The output must match the entries below exactly.

# [Collected data entries]
--- START ---
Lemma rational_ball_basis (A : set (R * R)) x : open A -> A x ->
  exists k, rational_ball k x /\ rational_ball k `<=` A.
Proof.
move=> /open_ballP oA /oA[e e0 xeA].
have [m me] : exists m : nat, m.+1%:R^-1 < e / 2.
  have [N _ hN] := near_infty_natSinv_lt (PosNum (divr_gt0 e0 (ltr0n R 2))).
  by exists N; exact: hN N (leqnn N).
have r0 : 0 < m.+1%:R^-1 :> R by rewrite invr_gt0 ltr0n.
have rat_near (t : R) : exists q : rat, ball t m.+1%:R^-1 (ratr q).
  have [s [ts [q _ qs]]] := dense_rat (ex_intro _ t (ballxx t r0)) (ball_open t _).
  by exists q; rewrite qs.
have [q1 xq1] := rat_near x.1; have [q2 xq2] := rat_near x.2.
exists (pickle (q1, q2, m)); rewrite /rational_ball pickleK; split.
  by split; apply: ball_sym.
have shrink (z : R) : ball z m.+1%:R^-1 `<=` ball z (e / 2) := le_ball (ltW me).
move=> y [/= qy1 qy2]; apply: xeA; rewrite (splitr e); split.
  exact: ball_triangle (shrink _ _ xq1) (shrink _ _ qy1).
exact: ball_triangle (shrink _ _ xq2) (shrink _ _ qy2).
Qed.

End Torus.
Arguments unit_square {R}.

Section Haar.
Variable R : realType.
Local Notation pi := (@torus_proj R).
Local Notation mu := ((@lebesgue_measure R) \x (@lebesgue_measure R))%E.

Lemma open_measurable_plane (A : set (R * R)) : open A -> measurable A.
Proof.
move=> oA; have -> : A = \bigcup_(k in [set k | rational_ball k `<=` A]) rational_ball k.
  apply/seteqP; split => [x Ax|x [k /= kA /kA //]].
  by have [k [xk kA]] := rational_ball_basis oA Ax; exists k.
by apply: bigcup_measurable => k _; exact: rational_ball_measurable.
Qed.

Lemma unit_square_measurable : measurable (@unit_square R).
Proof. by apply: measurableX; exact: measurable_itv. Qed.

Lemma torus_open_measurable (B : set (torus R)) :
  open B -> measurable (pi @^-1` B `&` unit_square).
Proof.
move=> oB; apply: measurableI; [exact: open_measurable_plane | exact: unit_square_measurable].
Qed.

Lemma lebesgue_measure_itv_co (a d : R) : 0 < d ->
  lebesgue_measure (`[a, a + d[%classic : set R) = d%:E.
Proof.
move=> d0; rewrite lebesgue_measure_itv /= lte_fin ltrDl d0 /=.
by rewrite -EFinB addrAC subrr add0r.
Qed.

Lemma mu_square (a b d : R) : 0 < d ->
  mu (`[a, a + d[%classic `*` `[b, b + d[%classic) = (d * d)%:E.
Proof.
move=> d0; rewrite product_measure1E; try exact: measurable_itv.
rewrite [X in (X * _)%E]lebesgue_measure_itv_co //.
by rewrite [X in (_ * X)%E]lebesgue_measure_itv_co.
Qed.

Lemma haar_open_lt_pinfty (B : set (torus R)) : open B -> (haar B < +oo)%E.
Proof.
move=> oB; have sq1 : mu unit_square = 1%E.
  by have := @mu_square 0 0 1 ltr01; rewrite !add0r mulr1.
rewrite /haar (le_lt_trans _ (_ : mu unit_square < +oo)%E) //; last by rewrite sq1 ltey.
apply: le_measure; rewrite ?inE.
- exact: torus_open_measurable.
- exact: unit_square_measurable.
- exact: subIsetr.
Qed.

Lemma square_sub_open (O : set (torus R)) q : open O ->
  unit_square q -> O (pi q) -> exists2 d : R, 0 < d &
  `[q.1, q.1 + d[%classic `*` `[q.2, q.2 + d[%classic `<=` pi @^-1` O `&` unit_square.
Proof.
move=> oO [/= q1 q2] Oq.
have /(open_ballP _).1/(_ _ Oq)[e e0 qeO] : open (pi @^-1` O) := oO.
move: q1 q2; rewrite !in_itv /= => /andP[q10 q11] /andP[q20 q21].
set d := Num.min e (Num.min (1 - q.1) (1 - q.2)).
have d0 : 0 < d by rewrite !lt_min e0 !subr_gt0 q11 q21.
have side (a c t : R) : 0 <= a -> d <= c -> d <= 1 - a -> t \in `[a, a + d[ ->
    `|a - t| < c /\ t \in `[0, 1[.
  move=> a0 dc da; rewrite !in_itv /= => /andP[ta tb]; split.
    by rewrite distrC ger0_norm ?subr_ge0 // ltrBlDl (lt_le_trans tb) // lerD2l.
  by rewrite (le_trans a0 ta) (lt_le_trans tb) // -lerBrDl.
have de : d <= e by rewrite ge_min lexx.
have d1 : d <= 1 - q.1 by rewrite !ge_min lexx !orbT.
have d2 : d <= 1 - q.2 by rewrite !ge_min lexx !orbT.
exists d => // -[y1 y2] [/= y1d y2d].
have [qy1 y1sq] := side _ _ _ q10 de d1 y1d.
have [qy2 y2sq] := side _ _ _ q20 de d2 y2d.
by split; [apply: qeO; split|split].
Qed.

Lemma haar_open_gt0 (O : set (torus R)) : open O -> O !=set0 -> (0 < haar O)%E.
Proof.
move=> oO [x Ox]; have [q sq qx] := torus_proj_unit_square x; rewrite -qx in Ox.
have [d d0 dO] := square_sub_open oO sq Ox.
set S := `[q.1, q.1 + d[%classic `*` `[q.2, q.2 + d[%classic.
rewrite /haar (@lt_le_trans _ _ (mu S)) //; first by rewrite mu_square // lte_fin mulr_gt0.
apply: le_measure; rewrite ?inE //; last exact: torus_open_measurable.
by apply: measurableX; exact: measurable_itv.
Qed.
--- END ---
# [Response below]
Lemma rational_ball_basis (A : set (R * R)) x : open A -> A x ->
  exists k, rational_ball k x /\ rational_ball k `<=` A.
Proof.
move=> /open_ballP oA /oA[e e0 xeA].
have [m me] : exists m : nat, m.+1%:R^-1 < e / 2.
  have [N _ hN] := near_infty_natSinv_lt (PosNum (divr_gt0 e0 (ltr0n R 2))).
  by exists N; exact: hN N (leqnn N).
have r0 : 0 < m.+1%:R^-1 :> R by rewrite invr_gt0 ltr0n.
have rat_near (t : R) : exists q : rat, ball t m.+1%:R^-1 (ratr q).
  have [s [ts [q _ qs]]] := dense_rat (ex_intro _ t (ballxx t r0)) (ball_open t _).
  by exists q; rewrite qs.
have [q1 xq1] := rat_near x.1; have [q2 xq2] := rat_near x.2.
exists (pickle (q1, q2, m)); rewrite /rational_ball pickleK; split.
  by split; apply: ball_sym.
have shrink (z : R) : ball z m.+1%:R^-1 `<=` ball z (e / 2) := le_ball (ltW me).
move=> y [/= qy1 qy2]; apply: xeA; rewrite (splitr e); split.
  exact: ball_triangle (shrink _ _ xq1) (shrink _ _ qy1).
exact: ball_triangle (shrink _ _ xq2) (shrink _ _ qy2).
Qed.

End Torus.
Arguments unit_square {R}.

Section Haar.
Variable R : realType.
Local Notation pi := (@torus_proj R).
Local Notation mu := ((@lebesgue_measure R) \x (@lebesgue_measure R))%E.

Lemma open_measurable_plane (A : set (R * R)) : open A -> measurable A.
Proof.
move=> oA; have -> : A = \bigcup_(k in [set k | rational_ball k `<=` A]) rational_ball k.
  apply/seteqP; split => [x Ax|x [k /= kA /kA //]].
  by have [k [xk kA]] := rational_ball_basis oA Ax; exists k.
by apply: bigcup_measurable => k _; exact: rational_ball_measurable.
Qed.

Lemma unit_square_measurable : measurable (@unit_square R).
Proof. by apply: measurableX; exact: measurable_itv. Qed.

Lemma torus_open_measurable (B : set (torus R)) :
  open B -> measurable (pi @^-1` B `&` unit_square).
Proof.
move=> oB; apply: measurableI; [exact: open_measurable_plane | exact: unit_square_measurable].
Qed.

Lemma lebesgue_measure_itv_co (a d : R) : 0 < d ->
  lebesgue_measure (`[a, a + d[%classic : set R) = d%:E.
Proof.
move=> d0; rewrite lebesgue_measure_itv /= lte_fin ltrDl d0 /=.
by rewrite -EFinB addrAC subrr add0r.
Qed.

Lemma mu_square (a b d : R) : 0 < d ->
  mu (`[a, a + d[%classic `*` `[b, b + d[%classic) = (d * d)%:E.
Proof.
move=> d0; rewrite product_measure1E; try exact: measurable_itv.
rewrite [X in (X * _)%E]lebesgue_measure_itv_co //.
by rewrite [X in (_ * X)%E]lebesgue_measure_itv_co.
Qed.

Lemma haar_open_lt_pinfty (B : set (torus R)) : open B -> (haar B < +oo)%E.
Proof.
move=> oB; have sq1 : mu unit_square = 1%E.
  by have := @mu_square 0 0 1 ltr01; rewrite !add0r mulr1.
rewrite /haar (le_lt_trans _ (_ : mu unit_square < +oo)%E) //; last by rewrite sq1 ltey.
apply: le_measure; rewrite ?inE.
- exact: torus_open_measurable.
- exact: unit_square_measurable.
- exact: subIsetr.
Qed.

Lemma square_sub_open (O : set (torus R)) q : open O ->
  unit_square q -> O (pi q) -> exists2 d : R, 0 < d &
  `[q.1, q.1 + d[%classic `*` `[q.2, q.2 + d[%classic `<=` pi @^-1` O `&` unit_square.
Proof.
move=> oO [/= q1 q2] Oq.
have /(open_ballP _).1/(_ _ Oq)[e e0 qeO] : open (pi @^-1` O) := oO.
move: q1 q2; rewrite !in_itv /= => /andP[q10 q11] /andP[q20 q21].
set d := Num.min e (Num.min (1 - q.1) (1 - q.2)).
have d0 : 0 < d by rewrite !lt_min e0 !subr_gt0 q11 q21.
have side (a c t : R) : 0 <= a -> d <= c -> d <= 1 - a -> t \in `[a, a + d[ ->
    `|a - t| < c /\ t \in `[0, 1[.
  move=> a0 dc da; rewrite !in_itv /= => /andP[ta tb]; split.
    by rewrite distrC ger0_norm ?subr_ge0 // ltrBlDl (lt_le_trans tb) // lerD2l.
  by rewrite (le_trans a0 ta) (lt_le_trans tb) // -lerBrDl.
have de : d <= e by rewrite ge_min lexx.
have d1 : d <= 1 - q.1 by rewrite !ge_min lexx !orbT.
have d2 : d <= 1 - q.2 by rewrite !ge_min lexx !orbT.
exists d => // -[y1 y2] [/= y1d y2d].
have [qy1 y1sq] := side _ _ _ q10 de d1 y1d.
have [qy2 y2sq] := side _ _ _ q20 de d2 y2d.
by split; [apply: qeO; split|split].
Qed.

Lemma haar_open_gt0 (O : set (torus R)) : open O -> O !=set0 -> (0 < haar O)%E.
Proof.
move=> oO [x Ox]; have [q sq qx] := torus_proj_unit_square x; rewrite -qx in Ox.
have [d d0 dO] := square_sub_open oO sq Ox.
set S := `[q.1, q.1 + d[%classic `*` `[q.2, q.2 + d[%classic.
rewrite /haar (@lt_le_trans _ _ (mu S)) //; first by rewrite mu_square // lte_fin mulr_gt0.
apply: le_measure; rewrite ?inE //; last exact: torus_open_measurable.
by apply: measurableX; exact: measurable_itv.
Qed.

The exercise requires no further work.